Se a amizade é uma possibilidade
masculina de conexão intelectual, o sexo sem recalques é a passagem
para o encontro entre homens e mulheres - tal como acontece em
''Olhos de égua'', em que a entrega total da fêmea é sua forma de
subjugar o macho. Mas pode ser também o amor mais brando de ''Um
beijo entre doish cocosh'', em que a complementaridade se dá por
meio de uma forma afetiva de habitar a cidade do outro. O paulista
que esnoba o Rio passa a defender esta cidade quando se apaixona
pela carioca deslumbrada por São Paulo, numa cumplicidade cultural.

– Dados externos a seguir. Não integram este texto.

(* Let $G$ and $H$ be finite simple graphs, let $S$ be a minimal dominating set of $H$, and let $D$ be a minimal dominating set of $G$ with $c(D)\neq\emptyset$. Then for every $u\in c(D)$, the set $(\{u\} \times S) \cup \big( (D-\{u\}) \times V(H)\big)$ is a dominating set of the Cartesian product $G \,\square\, H$. If, in addition, $c(D)=\{u\}$, then $(\{u\} \times S) \cup \big( (D-\{u\}) \times V(H)\big)$ is a minimal dominating set of $G \,\square\, H$.
   Context: For $u\in A\subseteq V(G)$, the private neighborhood of $u$ with respect to $A$ is $\mathrm{pn}[u,A]=\{x\in V(G): N[x]\cap A=\{u\}\}$. For a dominating set $D$ of $G$, $c(D)=\{x\in D : \mathrm{pn}[x,D]=\{x\}\}$. The Cartesian product $G\,\square\, H$ has vertex set $V(G)\times V(H)$, with $(g_1,h_1)$ adjacent to $(g_2,h_2)$ iff either ($g_1=g_2$ and $h_1h_2\in E(H)$) or ($h_1=h_2$ and $g_1g_2\in E(G)$). *)

From mathcomp Require Import all_boot.
Set Implicit Arguments. Unset Strict Implicit. Unset Printing Implicit Defensive.

Definition simple_graph (T : finType) (e : rel T) : Prop :=
  symmetric e /\ irreflexive e.

Definition cnbhd (T : finType) (e : rel T) (x : T) : {set T} :=
  x |: [set y | e x y].

Definition dominating (T : finType) (e : rel T) (D : {set T}) : Prop :=
  forall x : T, exists2 y, y \in D & y \in cnbhd e x.

Definition minimal_dominating (T : finType) (e : rel T) (D : {set T}) : Prop :=
  dominating e D /\ forall D' : {set T}, D' \proper D -> ~ dominating e D'.

Definition pn (T : finType) (e : rel T) (u : T) (A : {set T}) : {set T} :=
  [set x | cnbhd e x :&: A == [set u]].

Definition cset (T : finType) (e : rel T) (D : {set T}) : {set T} :=
  [set x in D | pn e x D == [set x]].

Definition cartprod (T U : finType) (eG : rel T) (eH : rel U) : rel (T * U) :=
  fun p q => ((p.1 == q.1) && eH p.2 q.2) || ((p.2 == q.2) && eG p.1 q.1).

Definition prod_set (T U : finType) (u : T) (S : {set U}) (D : {set T}) : {set T * U} :=
  setX [set u] S :|: setX (D :\ u) [set: U].

From mathcomp Require Import all_boot.
Set Implicit Arguments. Unset Strict Implicit. Unset Printing Implicit Defensive.

(* A dominating set is minimal iff each of its vertices has a private
   neighbour.  As pn[u,D] = {u}, every vertex g <> u of G is dominated by
   D - {u}, so {u} x S only has to dominate the fibre {u} x V(H).  When
   c(D) = {u}: a private neighbour h of s in S yields the private neighbour
   (u,h) of (u,s); for a in D - {u}, a \notin c(D) provides a private
   neighbour y <> a of a, necessarily outside D, and (y,b) is then a private
   neighbour of (a,b). *)

Section PrivateNeighbours.

Variables (T : finType) (e : rel T).

Lemma cnbhd_refl x : x \in cnbhd e x.
Proof. exact: setU11. Qed.

Lemma pnP u (A : {set T}) x :
  reflect [/\ u \in A, u \in cnbhd e x & {in A, forall z, z \in cnbhd e x -> z = u}]
          (x \in pn e u A).
Proof.
rewrite [_ \in pn _ _ _]inE; apply: (iffP eqP) => [/setP NxA | [uA uNx uniq]].
- have := NxA u; rewrite in_setI set11 => /andP[uNx uA].
  split=> // z zA zNx; apply/set1P.
  by rewrite -NxA in_setI zNx.
- apply/setP => z; rewrite in_setI in_set1.
  by apply/andP/eqP => [[zNx zA] | ->]; [exact: uniq | split].
Qed.

Lemma pn_neq_notin a (D : {set T}) y : y \in pn e a D -> y != a -> y \notin D.
Proof.
case/pnP=> _ _ uniq ya; apply/negP => yD.
by rewrite (uniq y yD (cnbhd_refl y)) eqxx in ya.
Qed.

Lemma dominating_notin_pn u (D : {set T}) x :
  dominating e D -> x \notin pn e u D -> exists2 d, d \in D :\ u & d \in cnbhd e x.
Proof.
move=> domD xpn; have [y yD yNx] := domD x.
have /subsetPn[d] : ~~ (cnbhd e x :&: D \subset [set u]).
  rewrite subset1 negb_or; apply/andP; split; first by rewrite inE in xpn.
  by apply/set0Pn; exists y; rewrite in_setI yNx.
rewrite in_setI in_set1 => /andP[dNx dD] du.
by exists d; rewrite // in_setD1 du.
Qed.

Lemma minimal_dominatingP (D : {set T}) :
  minimal_dominating e D <->
  dominating e D /\ {in D, forall a, exists x, x \in pn e a D}.
Proof.
split=> [[domD minD] | [domD pnD]].
- split=> // a aD; have [pn0 | /set0Pn //] := eqVneq (pn e a D) set0.
  case: (minD _ (properD1 aD)) => x.
  by apply: dominating_notin_pn domD _; rewrite pn0 in_set0.
- split=> // D' /properP[sD'D [a aD aD']] domD'.
  have [x /pnP[_ _ uniq]] := pnD a aD.
  have [y yD' yNx] := domD' x.
  have ya : y = a := uniq y (subsetP sD'D y yD') yNx.
  by rewrite -ya yD' in aD'.
Qed.

Lemma notin_cset_pn (D : {set T}) a :
  minimal_dominating e D -> a \in D -> a \notin cset e D ->
  exists2 y, y \in pn e a D & y != a.
Proof.
move=> /minimal_dominatingP[_ pnD] aD; rewrite inE aD /= => pna.
have [x xpn] := pnD a aD.
have /subsetPn[y ypn] : ~~ (pn e a D \subset [set a]).
  by rewrite subset1 negb_or pna; apply/set0Pn; exists x.
by rewrite in_set1 => ya; exists y.
Qed.

End PrivateNeighbours.

Section CartesianProduct.

Variables (TG TH : finType) (eG : rel TG) (eH : rel TH).

Lemma cnbhd_cartprod (p q : TG * TH) :
  (q \in cnbhd (cartprod eG eH) p) =
  ((q.1 == p.1) && (q.2 \in cnbhd eH p.2)) ||
  ((q.2 == p.2) && (q.1 \in cnbhd eG p.1)).
Proof.
case: p q => [g h] [g' h']; rewrite !inE /cartprod /= xpair_eqE.
rewrite (eq_sym g) (eq_sym h).
by case: (g' == g); case: (h' == h); case: (eH h h'); case: (eG g g').
Qed.

Lemma prod_setE u (S : {set TH}) (D : {set TG}) (p : TG * TH) :
  (p \in prod_set u S D) =
  ((p.1 == u) && (p.2 \in S)) || ((p.1 != u) && (p.1 \in D)).
Proof. by case: p => g h; rewrite !inE /= andbT. Qed.

Lemma prod_set_fst u (S : {set TH}) (D : {set TG}) (p : TG * TH) :
  u \in D -> p \in prod_set u S D -> p.1 \in D.
Proof. by move=> uD; rewrite prod_setE => /orP[/andP[/eqP -> _] | /andP[]]. Qed.

Lemma prod_set_dominating u (S : {set TH}) (D : {set TG}) :
  dominating eH S -> dominating eG D -> u \in cset eG D ->
  dominating (cartprod eG eH) (prod_set u S D).
Proof.
move=> domS domD /setIdP[_ /eqP pnu] [g h].
have [-> | gu] := eqVneq g u.
- have [s sS sNh] := domS h.
  by exists (u, s); rewrite ?prod_setE ?cnbhd_cartprod /= eqxx ?sS ?sNh.
- have gpn : g \notin pn eG u D by rewrite pnu in_set1.
  have [d dDu dNg] := dominating_notin_pn domD gpn.
  exists (d, h); first by rewrite prod_setE -in_setD1 dDu orbT.
  by rewrite cnbhd_cartprod /= eqxx dNg orbT.
Qed.

Section Minimality.

Variables (S : {set TH}) (D : {set TG}) (u : TG).
Hypotheses (minS : minimal_dominating eH S) (minD : minimal_dominating eG D).
Hypothesis cD : cset eG D = [set u].

Let u_cset : u \in cset eG D. Proof. by rewrite cD set11. Qed.

Let uD : u \in D. Proof. by case/setIdP: u_cset. Qed.

Lemma pn_prod_set_fibre s :
  s \in S -> exists x, x \in pn (cartprod eG eH) (u, s) (prod_set u S D).
Proof.
move=> sS; have /minimal_dominatingP[_ pnS] := minS.
have [h /pnP[_ sNh sonly]] := pnS s sS.
have /pnP[_ _ uonly] : u \in pn eG u D.
  by case/setIdP: u_cset => _ /eqP ->; rewrite set11.
exists (u, h); apply/pnP; split.
- by rewrite prod_setE /= eqxx sS.
- by rewrite cnbhd_cartprod /= eqxx sNh.
- move=> [g h'] qP; have gD := prod_set_fst uD qP.
  rewrite cnbhd_cartprod /= => /orP[/andP[/eqP gu h'Nh] | /andP[/eqP h'h gNu]].
  + move: qP; rewrite gu prod_setE /= eqxx /= orbF => h'S.
    by rewrite (sonly h' h'S h'Nh).
  + move: qP; rewrite h'h (uonly g gD gNu) prod_setE /= eqxx /= orbF => hS.
    by rewrite (sonly h hS (cnbhd_refl _ h)).
Qed.

Lemma pn_prod_set_layer a b :
  a \in D :\ u -> exists x, x \in pn (cartprod eG eH) (a, b) (prod_set u S D).
Proof.
case/setD1P=> au aD; have anc : a \notin cset eG D by rewrite cD in_set1.
have [y ypn ya] := notin_cset_pn minD aD anc.
have yD := pn_neq_notin ypn ya.
case/pnP: ypn => _ aNy aonly.
exists (y, b); apply/pnP; split.
- by rewrite prod_setE /= (negbTE au) aD orbT.
- by rewrite cnbhd_cartprod /= eqxx aNy orbT.
- move=> [g h'] qP; have /= gD := prod_set_fst uD qP.
  rewrite cnbhd_cartprod /= => /orP[/andP[/eqP gy _] | /andP[/eqP -> gNy]].
  + by move: yD; rewrite -gy gD.
  + by rewrite (aonly g gD gNy).
Qed.

Lemma prod_set_minimal : minimal_dominating (cartprod eG eH) (prod_set u S D).
Proof.
apply/minimal_dominatingP; split.
- exact: prod_set_dominating (proj1 minS) (proj1 minD) u_cset.
- move=> [a b] /setUP[] /setXP[]; last by move=> aDu _; exact: pn_prod_set_layer.
  by move=> /set1P -> bS; exact: pn_prod_set_fibre.
Qed.

End Minimality.

End CartesianProduct.

Theorem lemma17 (TG TH : finType) (eG : rel TG) (eH : rel TH)
  (hG : simple_graph eG) (hH : simple_graph eH)
  (S : {set TH}) (D : {set TG})
  (hS : minimal_dominating eH S) (hD : minimal_dominating eG D)
  (hc : cset eG D != set0) :
  (forall u, u \in cset eG D -> dominating (cartprod eG eH) (prod_set u S D)) /\
  (forall u, cset eG D = [set u] ->
     minimal_dominating (cartprod eG eH) (prod_set u S D)).
Proof.
split=> [u | u cD]; first exact: prod_set_dominating (proj1 hS) (proj1 hD).
exact: prod_set_minimal.
Qed.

Nestas histórias eróticas pela
compulsão narrativa, Mário Sabino retrata com um riso contido os
seres ocos, fixando-se nas trajetórias destes personagens vaidosos,
tão comuns em nossa época publicitária. Mas o autor nos remete a
outros períodos, como o da disputa pré-humana entre o Senhor e Seu
discípulo rebelado (''Miserere'') ou o final do século 19, quando
Conrado não se adapta à moda do chapéu baixo, entrando em decadência
por seu apego narcísico ao chapéu alto (''Um chapéu ao espelho'').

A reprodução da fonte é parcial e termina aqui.